Nothing should appear in the answer except the lines from the one containing "From mathcomp Require Import reals." through the end of the records below, written out exactly.

━━━━

(* Let $f,g,\ell$ be nonnegative integers, $\mathcal{F}\in\mathbb{R}^{\alpha_1\times\cdots\times\alpha_{f+\ell}}$, $\mathcal{G}\in\mathbb{R}^{\beta_1\times\cdots\times\beta_{g+\ell}}$, $\mathbf{p},\mathbf{q}$ permutations of $1:f+\ell$ and $1:g+\ell$, and $\mathbf{r}=\mathbf{p}(1:f)$, $\boldsymbol{\lambda}=\mathbf{p}(f+1:f+\ell)$, $\boldsymbol{\psi}=\mathbf{q}(1:\ell)$, $\mathbf{c}=\mathbf{q}(\ell+1:\ell+g)$, with $\boldsymbol{\alpha}(\boldsymbol{\lambda})=\boldsymbol{\beta}(\boldsymbol{\psi})$. Let $\mathcal{H}\in\mathbb{R}^{\alpha_{r_1}\times\cdots\times\alpha_{r_f}\times\beta_{c_1}\times\cdots\times\beta_{c_g}}$ be given by $\mathcal{H}(\mathbf{i},\mathbf{j})=\sum_{\mathbf{k}=\mathbf{1}}^{\boldsymbol{\alpha}(\boldsymbol{\lambda})}\mathcal{F}^{<\mathbf{p}>}(\mathbf{i},\mathbf{k})\,\mathcal{G}^{<\mathbf{q}>}(\mathbf{k},\mathbf{j})$ for $\mathbf{1}\le\mathbf{i}\le\boldsymbol{\alpha}(\mathbf{r})$, $\mathbf{1}\le\mathbf{j}\le\boldsymbol{\beta}(\mathbf{c})$. Let $\mathbf{S}=\{\mathbf{s}^{(1)},\ldots,\mathbf{s}^{(f+\ell)}\}$ be a blocking of $\mathcal{F}$ and set $\mathbf{R}=\{\mathbf{s}^{(r_1)},\ldots,\mathbf{s}^{(r_f)}\}$, $\boldsymbol{\Lambda}=\{\mathbf{s}^{(\lambda_1)},\ldots,\mathbf{s}^{(\lambda_\ell)}\}$. Let $\mathbf{T}=\{\mathbf{t}^{(1)},\ldots,\mathbf{t}^{(g+\ell)}\}$ be a blocking of $\mathcal{G}$ and set $\boldsymbol{\Psi}=\{\mathbf{t}^{(\psi_1)},\ldots,\mathbf{t}^{(\psi_\ell)}\}$, $\mathbf{C}=\{\mathbf{t}^{(c_1)},\ldots,\mathbf{t}^{(c_g)}\}$. If $\mathbf{s}^{(\lambda_k)}=\mathbf{t}^{(\psi_k)}$ for $k=1,\ldots,\ell$, then, regarding $\mathcal{H}$ as blocked by $\mathbf{R}$ in modes $1$ through $f$ and by $\mathbf{C}$ in modes $f+1$ through $f+g$ (so that $\mathbf{R}$ is a blocking for modes $1,\ldots,f$ of $\mathcal{H}$ and $\mathbf{C}$ a blocking for modes $f+1,\ldots,f+g$), \[ \mathcal{H}_{\mathbf{R}\times\mathbf{C}}=\mathcal{F}_{\mathbf{R}\times\boldsymbol{\Lambda}}\cdot\mathcal{G}_{\boldsymbol{\Psi}\times\mathbf{C}}, \] where $\mathcal{F}_{\mathbf{R}\times\boldsymbol{\Lambda}}=P_{\mathbf{R}}\mathcal{F}_{\mathbf{r}\times\boldsymbol{\lambda}}P_{\boldsymbol{\Lambda}}^T$, $\mathcal{G}_{\boldsymbol{\Psi}\times\mathbf{C}}=P_{\boldsymbol{\Psi}}\mathcal{G}_{\boldsymbol{\psi}\times\mathbf{c}}P_{\mathbf{C}}^T$, and $\mathcal{H}_{\mathbf{R}\times\mathbf{C}}=P_{\mathbf{R}}\mathcal{H}_{[1:f]\times[f+1:f+g]}P_{\mathbf{C}}^T$.
   Context: For an integer vector $\mathbf{v}$ and index vector $\mathbf{s}$, $\mathbf{v}(\mathbf{s})=(v_{s_1},v_{s_2},\ldots)$; index inequalities are componentwise; $\sum_{\mathbf{k}=\mathbf{1}}^{\mathbf{n}}$ is the nested sum over all $\mathbf{1}\le\mathbf{k}\le\mathbf{n}$. $\mathrm{ivec}(\mathbf{i},\mathbf{n})=i_1+(i_2-1)n_1+\cdots+(i_d-1)n_1\cdots n_{d-1}$; $\mathrm{vec}(\mathcal{X})$ has entry $\mathrm{ivec}(\mathbf{i},\mathbf{n})$ equal to $\mathcal{X}(\mathbf{i})$. The $\mathbf{p}$-transpose is $\mathcal{X}^{<\mathbf{p}>}(i_{p_1},\ldots,i_{p_d})=\mathcal{X}(i_1,\ldots,i_d)$. For $\mathbf{r}=\mathbf{p}(1:e)$, $\mathbf{c}=\mathbf{p}(e+1:d)$ ($0\le e\le d$), the unfolding $\mathcal{X}_{\mathbf{r}\times\mathbf{c}}$ is the matrix with $(\alpha,\beta)$ entry $\mathcal{X}^{<\mathbf{p}>}(i_1,\ldots,i_e,j_1,\ldots,j_{d-e})$, $\alpha=\mathrm{ivec}(\mathbf{i},\mathbf{n}(\mathbf{r}))$, $\beta=\mathrm{ivec}(\mathbf{j},\mathbf{n}(\mathbf{c}))$ (a column vector $\mathrm{vec}(\mathcal{X}^{<\mathbf{p}>})$ if $\mathbf{c}=\emptyset$, a row vector $\mathrm{vec}(\mathcal{X}^{<\mathbf{p}>})^T$ if $\mathbf{r}=\emptyset$). A blocking of a tensor in $\mathbb{R}^{n_1\times\cdots\times n_d}$ is a collection $\{\mathbf{m}^{(1)},\ldots,\mathbf{m}^{(d)}\}$, each $\mathbf{m}^{(k)}=[m^{(k)}_1,\ldots,m^{(k)}_{b_k}]$ a vector of positive integers summing to $n_k$; block $\mathbf{i}$ ($\mathbf{1}\le\mathbf{i}\le\mathbf{b}$) is the subtensor with index ranges $m^{(k)}_1+\cdots+m^{(k)}_{i_k-1}+1:m^{(k)}_1+\cdots+m^{(k)}_{i_k}$ in mode $k$; $\mathrm{vec}_{\mathbf{M}}(\mathcal{X})$ stacks the vecs of the blocks in order of increasing $\mathrm{ivec}(\mathbf{i},\mathbf{b})$. For a blocking $\mathbf{K}$ of tensors of some size $\mathbf{n}$, $P_{\mathbf{K}}$ denotes the unique permutation matrix with $P_{\mathbf{K}}\mathrm{vec}(\mathcal{X})=\mathrm{vec}_{\mathbf{K}}(\mathcal{X})$ for all tensors $\mathcal{X}$ of size $\mathbf{n}$; here $P_{\mathbf{R}}$, $P_{\boldsymbol{\Lambda}}$, $P_{\boldsymbol{\Psi}}$, $P_{\mathbf{C}}$ refer to tensors of sizes $\boldsymbol{\alpha}(\mathbf{r})$, $\boldsymbol{\alpha}(\boldsymbol{\lambda})$, $\boldsymbol{\beta}(\boldsymbol{\psi})$, $\boldsymbol{\beta}(\mathbf{c})$ respectively. *)

(* CONVENTIONS: all indices are 0-based (paper index i corresponds to i-1 here);
   a multi-index / size vector is a seq nat; a tensor of order d and size n is a
   function X : seq nat -> R, only its values on in-range indices matter. *)
From HB Require Import structures.
From mathcomp Require Import all_boot all_order all_algebra.
From mathcomp Require Import fingroup perm.
From mathcomp Require Import reals.
From mathcomp Require Import zify.
Set Implicit Arguments. Unset Strict Implicit. Unset Printing Implicit Defensive.
Import GRing.Theory.
Local Open Scope ring_scope.

Definition tensor (R : Type) := seq nat -> R.

Definition prodn (n : seq nat) : nat := (\prod_(x <- n) x)%N.

Fixpoint ivec (i n : seq nat) : nat :=
  match i, n with
  | x :: i', m :: n' => (x + m * ivec i' n')%N
  | _, _ => 0%N
  end.

Fixpoint unvec (a : nat) (n : seq nat) : seq nat :=
  match n with
  | [::] => [::]
  | m :: n' => (a %% m)%N :: unvec (a %/ m)%N n'
  end.

Fixpoint indices (n : seq nat) : seq (seq nat) :=
  match n with
  | [::] => [:: [::]]
  | m :: n' => [seq x :: y | x <- iota 0 m, y <- indices n']
  end.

━━━━

WRITTEN ANSWER:
From mathcomp Require Import reals.
From mathcomp Require Import zify.
Set Implicit Arguments. Unset Strict Implicit. Unset Printing Implicit Defensive.
Import GRing.Theory.
Local Open Scope ring_scope.

Definition tensor (R : Type) := seq nat -> R.

Definition prodn (n : seq nat) : nat := (\prod_(x <- n) x)%N.

Fixpoint ivec (i n : seq nat) : nat :=
  match i, n with
  | x :: i', m :: n' => (x + m * ivec i' n')%N
  | _, _ => 0%N
  end.

Fixpoint unvec (a : nat) (n : seq nat) : seq nat :=
  match n with
  | [::] => [::]
  | m :: n' => (a %% m)%N :: unvec (a %/ m)%N n'
  end.

Fixpoint indices (n : seq nat) : seq (seq nat) :=
  match n with
  | [::] => [:: [::]]
  | m :: n' => [seq x :: y | x <- iota 0 m, y <- indices n']
  end.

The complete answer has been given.